I am also an avid programmer and a student of data science. I first became interested in Machine Learning techniques when I took part in the Erdos Institute Data Bootcamp in 2020. My team won first place out of twenty-six teams in the final-project competition at the end of the bootcamp.

I have encorporated many of these techniques in my research. More recently I have dived into the world of Deep Learning by exploring datasets and notebooks on Kaggle and have even tried my hand at competitions. Check out some of my projects below!

Sudoku Solver

Links: GitHub repository, App

Created an application to solve a Sudoku puzzle correctly given its image as input.
Wrote a custom pipeline which processes the image, identifies the filled digits using OCR and a neural network and produces a solution.
Deployed a Docker containerized Dash/Plotly app to Google Cloud (GCP).

Bookend- guess the author

Links: GitHub repository

Trained an ensemble classifier model on books scraped from project Gutenberg which can predict the authorship of a snippet of text with a 93% accuracy.
Led a team of four and was responsible for dividing tasks and establishing a GitHub-based workflow to maximize productivity.
Extracted text features and implemented a bag-of-words model which gave the highest prediction accuracy score (85%) among the models considered.
Presented the results to judges from industry and others in a short video format.
Team won first place among twenty-six teams at the Erdos Institute Data Science Bootcamp (2020).

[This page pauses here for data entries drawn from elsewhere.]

Lemma length_le_between_layers K U (B : nat) (l : nat -> nat) :
  is_submod K -> is_submod U -> K `<=` U -> (forall y, U y -> p ^+ B *: y = 0) ->
  (forall t, (t < B)%N -> length_le_between (filtration K U t.+1) (filtration K U t) (l t)) ->
  length_le_between K U (\sum_(t < B) l t)%N.
Proof.
move=> hK hU KU pBU len_layer.
have len_top t : (t <= B)%N -> length_le_between (filtration K U t) U (\sum_(s < t) l s)%N.
  elim: t => [_|t IH lt_tB]; first by rewrite big_ord0; apply/length_le_between0/filtration0.
  rewrite big_ord_recr /= addnC; apply: (length_le_between_trans (C := filtration K U t)).
  - exact: filtrationS.
  - exact: filtration_sub.
  - exact: submod_filtration.
  - by [].
  - exact: len_layer.
  - exact/IH/ltnW.
apply: length_le_between_sub (len_top B (leqnn B)) => // _ [a Ka [_ [y /pBU Uy <-] <-]].
by rewrite Uy addr0.
Qed.

Lemma length_le_layer0 K U m (Q : pred 'I_m) x t : is_submod K -> is_submod U ->
  (forall l, Q l -> K (p ^+ t *: x l)) -> U `<=` addm K (span Q x) ->
  length_le_between (filtration K U t.+1) (filtration K U t) 0.
Proof.
move=> hK hU Kx UKx; apply: length_le_between0.
move=> _ [a Ka [_ [y /UKx [c Kc [s [b def_s] <-]] <-] <-]]; rewrite def_s.
apply: (filtration_supK t.+1 hU); apply: (submodD hK) => //.
rewrite scalerDr scaler_sumr; apply: (submodD hK); first exact: submodZ.
apply: submod_sum => // l Ql; rewrite scalerA mulrC -scalerA.
exact/(submodZ hK)/Kx.
Qed.


Section Uniformizer.
Hypothesis p_uniformizer : forall a : R, a != 0 ->
  exists u v, u \is a GRing.unit /\ a = u * p ^+ v.

Lemma unit_or_dvdp a : a \is a GRing.unit \/ exists b, a = b * p.
Proof.
have [->|/p_uniformizer [u [[|v] [Uu ->]]]] := eqVneq a 0.
- by right; exists 0; rewrite mul0r.
- by left; rewrite expr0 mulr1.
- by right; exists (u * p ^+ v); rewrite exprSr mulrA.
Qed.

(* R/p is a field, so a quotient killed by p and spanned by one element is simple. *)
Lemma length_le_between_line A B g : is_submod A -> A (p *: g) ->
  B `<=` addm A (line g) -> length_le_between A B 1.
Proof.
move=> hA Apg BAg S r chS; apply: jumps_le1 => i i' lt_ii' lt_i'r [x Sx notSx].
have lt_ir := ltn_trans lt_ii' lt_i'r.
have [[hSi ASi _] [hSi1 ASi1 Si1B]] := (chS.1 i (ltnW lt_ir), chS.1 i.+1 lt_ir).
have [y Ay [_ [a ->] def_x]] := BAg x (Si1B x Sx).
have [Ua | [b def_a]] := unit_or_dvdp a; last first.
  move=> _; apply: notSx; rewrite -def_x def_a -scalerA.
  by apply: (submodD hSi); apply: ASi => //; apply: submodZ.
have Si'g : S i' g.
  apply: (chain_between_le chS lt_ii' (ltnW lt_i'r)).
  have -> : g = a^-1 *: (x - y) by rewrite -def_x [y + _]addrC addrK scalerA mulVr ?scale1r.
  by apply: (submodZ hSi1); apply: (submodB hSi1) => //; apply: ASi1.
have [[hSi' ASi' _] [_ _ Si'1B]] := (chS.1 i' (ltnW lt_i'r), chS.1 i'.+1 lt_i'r).
move=> [z /Si'1B /BAg [y' Ay' [_ [a' ->] <-]]]; apply.
by apply: (submodD hSi'); [apply: ASi' | apply: submodZ].
Qed.

Lemma length_le_between_span A m (Q : pred 'I_m) g : is_submod A ->
  (forall l, Q l -> A (p *: g l)) -> length_le_between A (addm A (span Q g)) #|Q|.
Proof.
move=> hA; move cQ: #|Q| => c; elim: c Q cQ => [|c IH] Q cardQ ApQ.
  apply: length_le_between0; apply: addm_sub => // x /(span_card0 cardQ) ->.
  exact: submod0.
have /card_gt0P [l Ql] : (0 < #|Q|)%N by rewrite cardQ.
set Q' := [predD1 Q & l].
have cardQ' : #|Q'| = c by move: cardQ; rewrite (cardD1 l) Ql => -[].
have hAQ' := submod_addm hA (span_submod Q' g).
rewrite -addn1; apply: (length_le_between_trans (C := addm A (span Q' g))) => //.
- exact/addm_subl/span_submod.
- apply: addm_sub (submod_addm hA (span_submod Q g)) (addm_subl _) _ => //.
    exact: span_submod.
  by apply: subset_trans (addm_subr hA); apply: span_subset => l' /andP[].
- exact: submod_addm hA (span_submod Q g).
- by apply: IH => // l' /andP[_ /ApQ].
apply: (length_le_between_line hAQ' (addm_subl (span_submod _ _) (ApQ l Ql))).
move=> _ [a Aa [_ /(span_D1 Ql) [y Q'y [_ [c' ->] <-]] <-]].
by rewrite addrA; exists (a + y); [exists a => //; exists y | exists (c' *: g l) => //; exists c'].
Qed.

Lemma length_le_between_cyclic t A g : is_submod A -> A (p ^+ t *: g) ->
  length_le_between A (addm A (line g)) t.
Proof.
elim: t g => [|t IH] g hA Apg.
  apply: length_le_between0; apply: addm_sub => // _ [c ->].
  by apply: submodZ; rewrite // -[g]scale1r -(expr0 p).
have hAg := submod_addm hA (line_submod g).
rewrite -addn1; apply: (length_le_between_trans (C := addm A (line (p *: g)))) => //.
- exact/addm_subl/line_submod.
- apply: addm_sub hAg (addm_subl _) _ => //; first exact: line_submod.
  by move=> _ [c ->]; apply: addm_subr => //; exists (c * p); rewrite scalerA.
- exact: submod_addm (line_submod _).
- by apply: IH; rewrite // scalerA -exprSr.
apply: length_le_between_line (submod_addm hA (line_submod _)) _ _.
- by apply: addm_subr => //; exists 1; rewrite scale1r.
- move=> _ [a Aa [y [c ->] <-]]; exists a; first exact: addm_subl (line_submod _) _ Aa.
  by exists (c *: g) => //; exists c.
Qed.

Lemma line_meet_eq0 K g t : is_submod K -> p ^+ t.+1 *: g = 0 -> ~ K (p ^+ t *: g) ->
  forall c, K (c *: g) -> c *: g = 0.
Proof.
move=> hK ptg notK c Kcg.
have [->|/p_uniformizer [u [v [Uu def_c]]]] := eqVneq c 0; first by rewrite scale0r.
have [le_tv|lt_vt] := leqP t.+1 v.
  by rewrite def_c -scalerA -(subnK le_tv) exprD -scalerA ptg !scaler0.
case: notK; have := submodZ hK (u^-1 * p ^+ (t - v)) Kcg.
by rewrite scalerA def_c mulrACA mulVr // mul1r -exprD subnK // -ltnS.
Qed.

Lemma jumps_le_cyclic_reduce K U U' g S r t : is_submod K -> is_submod U' ->
  U `<=` addm (line g) U' -> p ^+ t *: g = 0 -> chain_between K U S r ->
  (jumps S r <= t + jumps (fun i => addm (S i) (addm K (line g)) `&` U') r)%N.
Proof.
move=> hK hU' splitU ptg chS; have hD := submod_addm hK (line_submod g).
apply: leq_trans (jumps_le_cap_addm hD hU' _ chS) _.
  move=> y /splitU [_ [c ->] [u U'u <-]]; exists (c *: g); last by exists u.
  by apply: (addm_subr hK); exists c.
have Kptg : K (p ^+ t *: g) by rewrite ptg; apply: submod0.
have lenKD : length_le_between (K `&` addm K (line g)) (U `&` addm K (line g)) t.
  apply: length_le_between_sub (length_le_between_cyclic hK Kptg) => [z Kz|]; last exact: subIsetr.
  by split=> //; apply: addm_subl (line_submod g) _ Kz.
exact: leq_add (lenKD _ _ (chain_betweenI hD chS)) (leqnn _).
Qed.

Lemma length_le_layer_gen K U m (Q : pred 'I_m) x t : is_submod K -> is_submod U ->
  (forall l, Q l -> U (x l)) -> U `<=` addm K (span Q x) ->
  length_le_between (filtration K U t.+1) (filtration K U t) #|Q|.
Proof.
move=> hK hU Ux UKx; have hF := submod_filtration t.+1 hK hU.
apply: (length_le_between_sub _ _ (length_le_between_span
  (g := fun l => p ^+ t *: x l) hF _)) => //.
- move=> _ [a Ka [_ [y /UKx [c Kc [s [b def_s] <-]] <-]] <-]; rewrite def_s.
  exists (a + p ^+ t *: c).
    by apply: filtration_supK => //; apply: (submodD hK) => //; apply: submodZ.
  exists (\sum_(l | Q l) b l *: (p ^+ t *: x l)); first by exists b.
  rewrite scalerDr scaler_sumr addrA; congr (_ + _).
  by apply: eq_bigr => l _; rewrite !scalerA mulrC.
- move=> l Ql; apply: (addm_subr hK).
  by exists (x l); [apply: Ux | rewrite scalerA -exprS].
Qed.


Section Generators.
Variables (n : nat) (e : 'I_n -> M) (k : 'I_n -> nat).
Hypothesis pk_e : forall i, p ^+ k i *: e i = 0.
Variable B : nat.
Hypothesis k_le_B : forall i, (k i <= B)%N.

BreweryXplorer- explore breweries in the US

Links: GitHub repository, Dashboard

Designed and deployed an interactive web app that lets users browse and search 3000+ breweries and pubs in the United States.
Scraped and cleaned unstructured brewery data gathered from Wikipedia and other web sources.
Designed an interactive Dashboard using Dash/Plotly which was deployed to Heroku.

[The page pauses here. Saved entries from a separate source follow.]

(* membership in Q_d (only meaningful for p prime) *)
Definition inQ (d p : nat) : bool :=
  match d with
  | 1%nat | 4%nat => (eqn (p %% 4)%nat 3)
  | 2%nat => (eqn (p %% 8)%nat 5 || eqn (p %% 8)%nat 7)
  | 3%nat => (eqn (p %% 3)%nat 2)
  | 7%nat => [|| (eqn (p %% 7)%nat 3), (eqn (p %% 7)%nat 5) | (eqn (p %% 7)%nat 6)]
  | _ => false
  end.

Fixpoint prodR (f : nat -> R) (n : nat) : R :=
  match n with
  | O => 1
  | S k => prodR f k * f (S k)
  end.

Fixpoint sumR (f : nat -> R) (n : nat) : R :=
  match n with
  | O => 0
  | S k => sumR f k + f (S k)
  end.

Definition c_const (d : nat) : R :=
  match d with
  | 1%nat => 2
  | 2%nat => 2 * sqrt 2
  | 3%nat => 2 / sqrt 3
  | 4%nat => 2
  | 7%nat => 2 * sqrt 7 / 3
  | _ => 0
  end.

Definition W12 (h : nat) : R :=
  let m := mp 2 h in
  if eqn m 0 then / 4 else (2 ^ (m + 1) - 3) / 2 ^ (m + 2).

Definition W22 (h : nat) : R :=
  let m := mp 2 h in
  if (m <= 1)%nat then / 4 else (2 ^ m - 3) / 2 ^ (m + 1).

Definition W33 (h : nat) : R :=
  let m := mp 3 h in
  / 2 * ((3 ^ (m + 1) - 2) / 3 ^ (m + 1)).

Definition W42 (h : nat) : R :=
  let m := mp 2 h in
  match m with
  | 0%nat => / 8
  | 1%nat => 0
  | 2%nat => 5 / 16
  | _ => (3 * 2 ^ (m - 1) - 3) / 2 ^ (m + 2)
  end.

Definition W72 (h : nat) : R :=
  let m := mp 2 h in
  if (m <= 1)%nat then / 2 else 3 / 4.

Definition W77 (h : nat) : R :=
  let m := mp 7 h in
  / 2 * ((7 ^ (m + 1) - 4) / 7 ^ (m + 1)).

(* prod_{p in R_d} W_{d,p}(h) *)
Definition Wprod (d h : nat) : R :=
  match d with
  | 1%nat => W12 h
  | 2%nat => W22 h
  | 3%nat => W33 h
  | 4%nat => W42 h
  | 7%nat => W72 h * W77 h
  | _ => 0
  end.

IMDB movie reviews- good, bad or meh?

Links: Kaggle kernel

The dataset from Kaggle contains 50,000 movie reviews labelled according to the sentiment.
Trained a neural network to predict if a given movie review is “positive” or “negative”.
Used a word2vec model trained on the reviews to generate semantic word embeddings which were used as features to a neural network.
Model achieved 87% accuracy.
This can be used for sentiment analysis of other text data such as restaurant reviews, tweets, news articles etc.